Le jugement sera en conséquence réformé en ce sens qu’il convient d’allouer à M. et Mme X la somme de 286 euros TTC au titre des travaux de reprise et non pas de 1 110 euros TTC.
Sur le préjudice de jouissance
Le premier juge a fait une juste appréciation du préjudice de jouissance de M. et Mme X. Ces derniers ne font valoir aucun élément nouveau à l’appui de leur demande.
Le jugement sera confirmé de ce chef.
Sur les demandes accessoires
Le jugement doit être confirmé en ce qu’il a mis les dépens à la charge de la société Champagne Concept et en ce qu’il a condamné cette dernière à payer à M. et Mme X la somme de 1500 euros au titre de l’article 700 du code de procédure civile en ce compris le coût du constat d’huissier du 19 mai 2017 (386,19 euros).
Les dépens d’appel doivent être mis à la charge de la société Champagne Concept.

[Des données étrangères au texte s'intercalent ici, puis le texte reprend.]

(* Let $\mathcal{R}$ be a commutative, associative real algebra with unit, $l\ge1$, and $m_1,\ldots,m_l$ positive integers. Let $A_1,\ldots,A_l\in M^{\infty\times\infty}_0(\mathcal{R}[e^{t_1},\ldots,e^{t_{l+1}}])$ satisfy: a) $A_iA_j=A_jA_i$ for all $i,j$; b) $\partial_iA_j=\partial_jA_i$ for $1\le i,j\le l$ (with $\partial_i$ applied entrywise); c) for each $i$, $A_i=A_i'+A_i''$, where $A_i'$ is strictly lower triangular and each of its entries is a linear combination of monomials $e^{td}$, $d=(d_1,\ldots,d_{l+1})\ge0$, with $d_i-m_id_{l+1}\ne0$, and $A_i''$ is strictly upper triangular with entries in $\mathcal{R}$ (independent of $t$). Consider the system $( * )$: $\partial_ig=A_ig$, $1\le i\le l$, for $g=\sum_{d\ge0}g_d(t_1,\ldots,t_l)e^{td}\in\mathcal{R}^\infty_0[t_1,\ldots,t_l][[e^{t_1},\ldots,e^{t_{l+1}}]]$. Then the solutions of $( * )$ are uniquely determined by the constant terms $g_d^0\in\mathcal{R}^\infty_0$ of those $g_d$ with $d_1=m_1d_{l+1},\ldots,d_l=m_ld_{l+1}$. More precisely, solutions satisfy recurrence relations $$g_d=\begin{cases}G_d(g_d^0,\ g_{d'}\mid d'<d)&\text{if } d_i=m_id_{l+1}\text{ for all }1\le i\le l,\\ G_d(g_{d'}\mid d'<d)&\text{otherwise,}\end{cases}$$ where $d'<d$ means $d'\le d$ componentwise and $d'\ne d$, and each $G_d$ is $\mathcal{R}$-linear in coefficients: every coefficient of the polynomial $g_d$ is of the form $C_0g_d^0+\sum_jC_jv_j$ (first case) or $\sum_jC_jv_j$ (second case), with $C_j\in M^{\infty\times\infty}_0(\mathcal{R})$ and $v_j\in\mathcal{R}^\infty_0$ coefficients of polynomials $g_{d'}$ with $d'<d$.
   Context: $\mathcal{R}^\infty_0$ denotes sequences (indexed by positive integers) in $\mathcal{R}$ with finite support; for a ring $\mathcal{S}$, $M^{\infty\times\infty}_0(\mathcal{S})$ denotes infinite matrices indexed by positive integers each of whose columns has finitely many nonzero entries (acting on finitely supported sequences). $e^{td}=e^{t_1d_1}\cdots e^{t_{l+1}d_{l+1}}$, and the $e^{t_j}$ are treated as formal multiplicative variables. The operator $\partial_i$ ($1\le i\le l$) is $\mathcal{R}$-linear and defined by $\partial_i(ge^{td})=\frac{\partial g}{\partial t_i}e^{td}+(d_i-m_id_{l+1})ge^{td}$ for $g$ polynomial in $t_1,\ldots,t_l$. *)

From HB Require Import structures.
From mathcomp Require Import all_boot all_order all_algebra.
From mathcomp Require Import boolp classical_sets functions cardinality fsbigop reals.
Set Implicit Arguments. Unset Strict Implicit. Unset Printing Implicit Defensive.
Import Order.TTheory GRing.Theory Num.Theory.
Local Open Scope classical_set_scope.
Local Open Scope ring_scope.
(* Let $h\ge1$ and $m\ge1$ be integers. (a) Let $G$ be a finite Abelian group of order $v$ and $B=\{0,b_1,\dots,b_m\}\subseteq G$ a $B_h$ set (of cardinality $m+1$) that generates $G$. Then $\Lambda=\{\mathbf x\in\mathbb Z^m:\sum_{i=1}^m x_ib_i=0\}$ is a sublattice of $\mathbb Z^m$ with $d_a(\mathbf x,\mathbf y)>h$ for all distinct $\mathbf x,\mathbf y\in\Lambda$, and its density is $\mu(\Lambda)=1/v$. (b) Conversely, if $\Lambda'\subseteq\mathbb Z^m$ is a sublattice with $d_a(\mathbf x,\mathbf y)>h$ for all distinct $\mathbf x,\mathbf y\in\Lambda'$, then the quotient group $G=\mathbb Z^m/\Lambda'$ contains a $B_h$ set of cardinality $m+1$ that generates $G$.
   Context: A sublattice of $\mathbb Z^m$ is a subgroup of $(\mathbb Z^m,+)$. $d_a(\mathbf x,\mathbf y)=\max\{\sum_{i:x_i>y_i}(x_i-y_i),\sum_{i:x_i<y_i}(y_i-x_i)\}$. For an Abelian group $G$ (written additively), a set $B=\{b_0,\dots,b_m\}\subseteq G$ of $m+1$ elements is a $B_h$ set if the sums $b_{i_1}+\dots+b_{i_h}$, $0\le i_1\le\dots\le i_h\le m$, are pairwise different (for different index tuples). For $x_i\in\mathbb Z$, $x_ib_i$ denotes the $|x_i|$-fold sum of $b_i$ if $x_i\ge0$ and of $-b_i$ if $x_i<0$. The density of a lattice $\Lambda$ is $\mu(\Lambda)=\lim_{k\to\infty}|\Lambda\cap\{-k,\dots,k\}^m|/(2k+1)^m$. *)

From HB Require Import structures.
From mathcomp Require Import all_boot all_order all_algebra.
Set Implicit Arguments. Unset Strict Implicit. Unset Printing Implicit Defensive.
Import Order.TTheory GRing.Theory Num.Theory.
Local Open Scope ring_scope.

Notation Zvec m := {ffun 'I_m -> int}.

Definition sublattice (m : nat) (L : Zvec m -> Prop) : Prop :=
  L 0 /\ (forall x y, L x -> L y -> L (x + y)) /\ (forall x, L x -> L (- x)).

Definition d_a (m : nat) (x y : Zvec m) : int :=
  Num.max (\sum_(i < m | y i < x i) (x i - y i))
          (\sum_(i < m | x i < y i) (y i - x i)).

Definition Bh_set (G : zmodType) (n h : nat) (b : 'I_n -> G) : Prop :=
  forall s t : h.-tuple 'I_n,
    sorted (fun i j : 'I_n => (i <= j)%N) s ->
    sorted (fun i j : 'I_n => (i <= j)%N) t ->
    \sum_(i <- s) b i = \sum_(i <- t) b i -> s = t.

Definition generates (G : zmodType) (n : nat) (b : 'I_n -> G) : Prop :=
  forall g : G, exists c : 'I_n -> int, g = \sum_(i < n) b i *~ c i.

(* B = {0, b_1, ..., b_m}, indexed by 'I_m.+1 with b_0 = 0. *)
Definition extB (G : zmodType) (m : nat) (b : 'I_m -> G) : 'I_m.+1 -> G :=
  fun i => if unlift ord0 i is Some j then b j else 0.

Definition box_count (m : nat) (L : pred (Zvec m)) (k : nat) : nat :=
  #|[set x : {ffun 'I_m -> 'I_(2 * k + 1)} |
      L [ffun i => (nat_of_ord (x i))%:Z - k%:Z]]|.

Definition has_density (m : nat) (L : pred (Zvec m)) (d : rat) : Prop :=
  forall eps : rat, 0 < eps -> exists K : nat, forall k : nat, (K <= k)%N ->
    `| (box_count L k)%:R / ((2 * k + 1) ^ m)%:R - d | < eps.
(* Let $\ast$ be a composition on $\mathbb{L}$ that admits Taylor expansion, i.e., for all $f,g,h\in\mathbb{L}$ with $g>\mathbb{R}$ and $h\prec g$ the sum $\sum_{n=0}^\infty\frac{f^{(n)}\ast g}{n!}h^n$ exists and equals $f\ast(g+h)$. Then $\ast$ obeys the chain rule: $(f\ast g)'=(f'\ast g)\cdot g'$ for all $f,g\in\mathbb{L}$ with $g>\mathbb{R}$.
   Context: Fix distinct symbols $\ell_\alpha$ for all ordinals $\alpha$. Exponent sequences $r=(r_\beta)$ are families of reals over all ordinals, zero beyond some ordinal; monomials $\ell^r=\prod_\beta\ell_\beta^{r_\beta}$ form a group $\mathfrak{L}$ ($\ell^r\ell^s=\ell^{r+s}$), ordered by $\ell^r\prec\ell^s$ iff $r\ne s$ and $r_\beta<s_\beta$ at the least differing $\beta$; $\ell_\alpha$ is the monomial with exponent $1$ at $\alpha$ and $0$ elsewhere, $x:=\ell_0$. With $\sigma(\ell^r)=\{\beta:r_\beta\neq0\}$, $\mathfrak{L}_{<\alpha}=\{\mathfrak{m}:\sigma(\mathfrak{m})\subseteq\alpha\}$, $\mathbb{L}_{<\alpha}=\mathbb{R}[[\mathfrak{L}_{<\alpha}]]$ is the Hahn field of series with well-based support (no infinite strictly increasing sequence), ordered by the sign of the leading coefficient, and $\mathbb{L}=\bigcup_\alpha\mathbb{L}_{<\alpha}$. $f\prec g$ means $\mathfrak{d}(f)\prec\mathfrak{d}(g)$, where $\mathfrak{d}$ is the largest monomial of the support ($\mathfrak{d}(0)=0$, below all monomials). $g>\mathbb{R}$ means $g>c$ for all real $c$; $\mathbb{L}^{>\mathbb{R}}$ is the class of such $g$. Summable families: all members in one $\mathbb{L}_{<\alpha}$, union of supports well-based, each monomial in finitely many supports; sums coefficientwise. Logarithm: $\log\ell^r=\sum r_\beta\ell_{\beta+1}$ and $\log(c\,\mathfrak{d}(f)(1+\epsilon))=\log\mathfrak{d}(f)+\log c+\sum_{n\ge1}\frac{(-1)^{n-1}}{n}\epsilon^n$ for $c\in\mathbb{R}^{>0}$, $\epsilon\prec1$. $f'$, $f^{(n)}$ refer to the unique $\mathbb{R}$-linear derivation on $\mathbb{L}$ with $\ell_\alpha'=\prod_{\beta<\alpha}\ell_\beta^{-1}$ commuting with sums of summable families. A composition on $\mathbb{L}$ is a map $\ast:\mathbb{L}\times\mathbb{L}^{>\mathbb{R}}\to\mathbb{L}$ such that (CL1) each $f\mapsto f\ast g$ is an $\mathbb{R}$-algebra endomorphism; (CL2) $f\ast x=f$, $x\ast g=g$; (CL3) $\log(f\ast g)=(\log f)\ast g$ for $f>0$; (CL4) $f\mapsto f\ast g$ maps summable families to summable families and commutes with their sums; (CL5) $(f\ast g)\ast h=f\ast(g\ast h)$. *)

From HB Require Import structures.
From mathcomp Require Import all_boot all_order all_algebra.
From mathcomp Require Import boolp classical_sets cardinality reals exp.
From Stdlib Require Import ClassicalEpsilon.
From Stdlib Require List.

Il n’y a pas lieu de faire application de l’article 700 du code de procédure civile en cause d’appel ; les parties doivent en conséquence être déboutées de leurs demandes à ce titre.
PAR CES MOTIFS
La cour,
Confirme le jugement déféré sauf en ses dispositions ayant :
* condamné la société Champagne Concept à payer aux époux X la somme de 1 111 euros au titre des travaux de reprise de la cuisine ;
* condamné la société Champagne Concept à restituer à M. et Mme X la somme de 4 000 euros au titre des plans de travail et de la crédence ;
Statuant à nouveau sur ces chefs infirmés,
Déboute M. et Mme X de leur demande au titre de la crédence,
Condamne la société Champagne Concept à restituer à M. et Mme X la somme de 2 800 euros au titre des plans de travail
Condamne la société Champagne Concept à payer à M. et Mme X la somme de 286 euros au titre des travaux de reprise de la cuisine ;
Y ajoutant,
Déboute les parties de leurs autres demandes ;
Condamne la société Champagne Concept aux dépens d’appel.